Brief:
Take the listing below and print exactly the lines starting at the line containing "-> has_sort G t2 SNat ->" and ending at the line containing "Definition positive (A", both ends included, and no others.

Information shown:
[Start of section]
(* Let $\Psi$ be a declarative context and $A$ a type with $\Psi \vdash A\ \mathsf{type}$. Then for each polarity $\pm \in \{+,-\}$ we have $\Psi \vdash A \le^{\pm} A$.
   Context: Sorts are $\kappa \in \{\mathsf{type}, \mathbb{N}\}$. Index terms/monotypes $\tau, t$ are built from $\mathbf{1}$, universal variables $\alpha$, binary connectives $\tau_1 \oplus \tau_2$ with $\oplus \in \{\to, +, \times\}$ (all of sort $\mathsf{type}$), and $\mathsf{zero}$, $\mathsf{succ}(t)$ (of sort $\mathbb{N}$); $\Psi \vdash t : \kappa$ means $t$ has sort $\kappa$ with its variables declared in $\Psi$ at the appropriate sorts. Types are $A, B, C ::= \mathbf{1} \mid \alpha \mid A \oplus B \mid \forall \alpha{:}\kappa.\,A \mid \exists \alpha{:}\kappa.\,A \mid P \supset A \mid A \wedge P \mid \mathsf{Vec}\ t\ A$, where propositions are $P ::= t = t'$ (indices of sort $\mathbb{N}$). A declarative context $\Psi$ is a list of declarations including universal variables $\alpha : \kappa$; $\Psi \vdash A\ \mathsf{type}$ means all free variables of $A$ are declared in $\Psi$ at the appropriate sorts. A type is positive if its head connective is $\exists$, negative if its head connective is $\forall$; ''nonpos'' means not positive and ''nonneg'' means not negative. Declarative subtyping $\Psi \vdash A \le^{\pm} B$ (polarity $+$ or $-$) is inductively defined by: (Refl) if $\Psi \vdash A\ \mathsf{type}$ and $A$ is nonpos and nonneg then $\Psi \vdash A \le^{\pm} A$ for either polarity; ($\forall$L) if $\Psi \vdash \tau : \kappa$ and $\Psi \vdash [\tau/\alpha]A \le^- B$ then $\Psi \vdash \forall\alpha{:}\kappa.A \le^- B$; ($\forall$R) if $\Psi, \beta{:}\kappa \vdash A \le^- B$ then $\Psi \vdash A \le^- \forall\beta{:}\kappa.B$; ($\exists$L) if $\Psi, \alpha{:}\kappa \vdash A \le^+ B$ then $\Psi \vdash \exists\alpha{:}\kappa.A \le^+ B$; ($\exists$R) if $\Psi \vdash \tau:\kappa$ and $\Psi \vdash A \le^+ [\tau/\beta]B$ then $\Psi \vdash A \le^+ \exists\beta{:}\kappa.B$; ($-{+}$) if $\Psi \vdash A \le^- B$ with $A$, $B$ both nonpos then $\Psi \vdash A \le^+ B$; ($+{-}$) if $\Psi \vdash A \le^+ B$ with $A$, $B$ both nonneg then $\Psi \vdash A \le^- B$. *)

From Stdlib Require Import Arith List.
Import ListNotations.

Inductive sort : Type := SType | SNat.

Inductive binop : Type := OArrow | OSum | OProd.

(* One syntax for index terms/monotypes and types.  Type variables are
   de Bruijn indices: TVar 0 is the most recently declared universal
   variable.  A proposition P ::= t = t' is stored inline:
     TImp t t' A   is   (t = t') \supset A
     TWith A t t'  is   A /\ (t = t')                                    *)
Inductive ty : Type :=
  | TUnit : ty
  | TVar  : nat -> ty
  | TBin  : binop -> ty -> ty -> ty
  | TAll  : sort -> ty -> ty
  | TEx   : sort -> ty -> ty
  | TImp  : ty -> ty -> ty -> ty
  | TWith : ty -> ty -> ty -> ty
  | TVec  : ty -> ty -> ty
  | TZero : ty
  | TSucc : ty -> ty.

Fixpoint shift (c : nat) (A : ty) : ty :=
  match A with
  | TUnit => TUnit
  | TVar n => if c <=? n then TVar (S n) else TVar n
  | TBin o A1 A2 => TBin o (shift c A1) (shift c A2)
  | TAll k B => TAll k (shift (S c) B)
  | TEx k B => TEx k (shift (S c) B)
  | TImp t1 t2 B => TImp (shift c t1) (shift c t2) (shift c B)
  | TWith B t1 t2 => TWith (shift c B) (shift c t1) (shift c t2)
  | TVec t B => TVec (shift c t) (shift c B)
  | TZero => TZero
  | TSucc t => TSucc (shift c t)
  end.

(* subst c s A : replace variable c by s (s lives in the context with c
   removed, already shifted to depth c), decrementing variables above c *)
Fixpoint subst (c : nat) (s : ty) (A : ty) : ty :=
  match A with
  | TUnit => TUnit
  | TVar n => if n =? c then s else if c <? n then TVar (pred n) else TVar n
  | TBin o A1 A2 => TBin o (subst c s A1) (subst c s A2)
  | TAll k B => TAll k (subst (S c) (shift 0 s) B)
  | TEx k B => TEx k (subst (S c) (shift 0 s) B)
  | TImp t1 t2 B => TImp (subst c s t1) (subst c s t2) (subst c s B)
  | TWith B t1 t2 => TWith (subst c s B) (subst c s t1) (subst c s t2)
  | TVec t B => TVec (subst c s t) (subst c s B)
  | TZero => TZero
  | TSucc t => TSucc (subst c s t)
  end.

Definition subst0 (tau A : ty) : ty := subst 0 tau A.

(* Declarative contexts: universal variables alpha:kappa, and program
   variables x : A (which do not bind type variables).  Head = most recent. *)
Inductive decl : Type :=
  | DUniv : sort -> decl
  | DProg : nat -> ty -> decl.

Definition ctx := list decl.

Fixpoint usort (G : ctx) (n : nat) : option sort :=
  match G with
  | [] => None
  | DUniv k :: G' => match n with 0 => Some k | S n' => usort G' n' end
  | DProg _ _ :: G' => usort G' n
  end.

Inductive has_sort (G : ctx) : ty -> sort -> Prop :=
  | SoUnit : has_sort G TUnit SType
  | SoVar  : forall n k, usort G n = Some k -> has_sort G (TVar n) k
  | SoBin  : forall o t1 t2, has_sort G t1 SType -> has_sort G t2 SType ->
             has_sort G (TBin o t1 t2) SType
  | SoZero : has_sort G TZero SNat
  | SoSucc : forall t, has_sort G t SNat -> has_sort G (TSucc t) SNat.

Inductive wf_type (G : ctx) : ty -> Prop :=
  | WfUnit : wf_type G TUnit
  | WfVar  : forall n, usort G n = Some SType -> wf_type G (TVar n)
  | WfBin  : forall o A B, wf_type G A -> wf_type G B -> wf_type G (TBin o A B)
  | WfAll  : forall k A, wf_type (DUniv k :: G) A -> wf_type G (TAll k A)
  | WfEx   : forall k A, wf_type (DUniv k :: G) A -> wf_type G (TEx k A)
  | WfImp  : forall t1 t2 A, has_sort G t1 SNat -> has_sort G t2 SNat ->
             wf_type G A -> wf_type G (TImp t1 t2 A)
  | WfWith : forall A t1 t2, wf_type G A -> has_sort G t1 SNat ->
             has_sort G t2 SNat -> wf_type G (TWith A t1 t2)
  | WfVec  : forall t A, has_sort G t SNat -> wf_type G A -> wf_type G (TVec t A).

Definition positive (A : ty) : Prop :=
  match A with TEx _ _ => True | _ => False end.
Definition negative (A : ty) : Prop :=
  match A with TAll _ _ => True | _ => False end.
Definition nonpos (A : ty) : Prop := ~ positive A.
Definition nonneg (A : ty) : Prop := ~ negative A.

Inductive polarity : Type := Pos | Neg.

Inductive sub : ctx -> polarity -> ty -> ty -> Prop :=
  | SubRefl : forall G p A, wf_type G A -> nonpos A -> nonneg A -> sub G p A A
  | SubAllL : forall G k tau A B, has_sort G tau k -> sub G Neg (subst0 tau A) B ->
              sub G Neg (TAll k A) B
  | SubAllR : forall G k A B, sub (DUniv k :: G) Neg (shift 0 A) B ->
              sub G Neg A (TAll k B)
  | SubExL  : forall G k A B, sub (DUniv k :: G) Pos A (shift 0 B) ->
              sub G Pos (TEx k A) B
  | SubExR  : forall G k tau A B, has_sort G tau k -> sub G Pos A (subst0 tau B) ->
              sub G Pos A (TEx k B)
  | SubNegPos : forall G A B, sub G Neg A B -> nonpos A -> nonpos B -> sub G Pos A B
  | SubPosNeg : forall G A B, sub G Pos A B -> nonneg A -> nonneg B -> sub G Neg A B.

From Stdlib Require Import Arith List Lia.

(* For [forall a:k. A] the rule
   forall-R introduces a fresh variable b, and forall-L then instantiates a
   with b itself, which turns the weakened [A] back into [A]; existentials are
   dual.  The other polarity then follows from the polarity-switching rules,
   as a universal type is nonpositive and an existential one nonnegative. *)

Lemma subst_var_shift (B : ty) (c : nat) : subst c (TVar c) (shift (S c) B) = B.
Proof.
  revert c; induction B; intros c; try (simpl; congruence).
  cbn [shift]; destruct (S c <=? n) eqn:Hle; cbn [subst].
  - apply Nat.leb_le in Hle.
    replace (S n =? c) with false by (symmetry; apply Nat.eqb_neq; lia).
    replace (c <? S n) with true by (symmetry; apply Nat.ltb_lt; lia).
    reflexivity.
  - apply Nat.leb_gt in Hle.
    destruct (Nat.eq_dec n c) as [-> | Hne].
    + now rewrite Nat.eqb_refl.
    + replace (n =? c) with false by (symmetry; apply Nat.eqb_neq; lia).
      replace (c <? n) with false by (symmetry; apply Nat.ltb_ge; lia).
      reflexivity.
Qed.

Lemma subst0_var_shift (B : ty) : subst0 (TVar 0) (shift 1 B) = B.
Proof. exact (subst_var_shift B 0). Qed.

Lemma sub_all_refl (G : ctx) (k : sort) (A : ty) :
  sub (DUniv k :: G) Neg A A -> sub G Neg (TAll k A) (TAll k A).
Proof.
  intros HA. apply SubAllR, SubAllL with (tau := TVar 0).
  - now constructor.
  - now rewrite subst0_var_shift.
Qed.

Lemma sub_ex_refl (G : ctx) (k : sort) (A : ty) :
  sub (DUniv k :: G) Pos A A -> sub G Pos (TEx k A) (TEx k A).
Proof.
  intros HA. apply SubExL, SubExR with (tau := TVar 0).
  - now constructor.
  - now rewrite subst0_var_shift.
Qed.

Theorem mainTheorem1 : forall (G : ctx) (A : ty),
  wf_type G A -> forall p : polarity, sub G p A A.
Proof.
  intros G A HA; induction HA; intros p;
    try (apply SubRefl; [now constructor | easy | easy]).
  - assert (HNeg : sub G Neg (TAll k A) (TAll k A)) by now apply sub_all_refl.
    destruct p; [now apply SubNegPos | exact HNeg].
  - assert (HPos : sub G Pos (TEx k A) (TEx k A)) by now apply sub_ex_refl.
    destruct p; [exact HPos | now apply SubPosNeg].
Qed.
[End of section]
Written answer:
  | WfImp  : forall t1 t2 A, has_sort G t1 SNat -> has_sort G t2 SNat ->
             wf_type G A -> wf_type G (TImp t1 t2 A)
  | WfWith : forall A t1 t2, wf_type G A -> has_sort G t1 SNat ->
             has_sort G t2 SNat -> wf_type G (TWith A t1 t2)
  | WfVec  : forall t A, has_sort G t SNat -> wf_type G A -> wf_type G (TVec t A).

Definition positive (A : ty) : Prop :=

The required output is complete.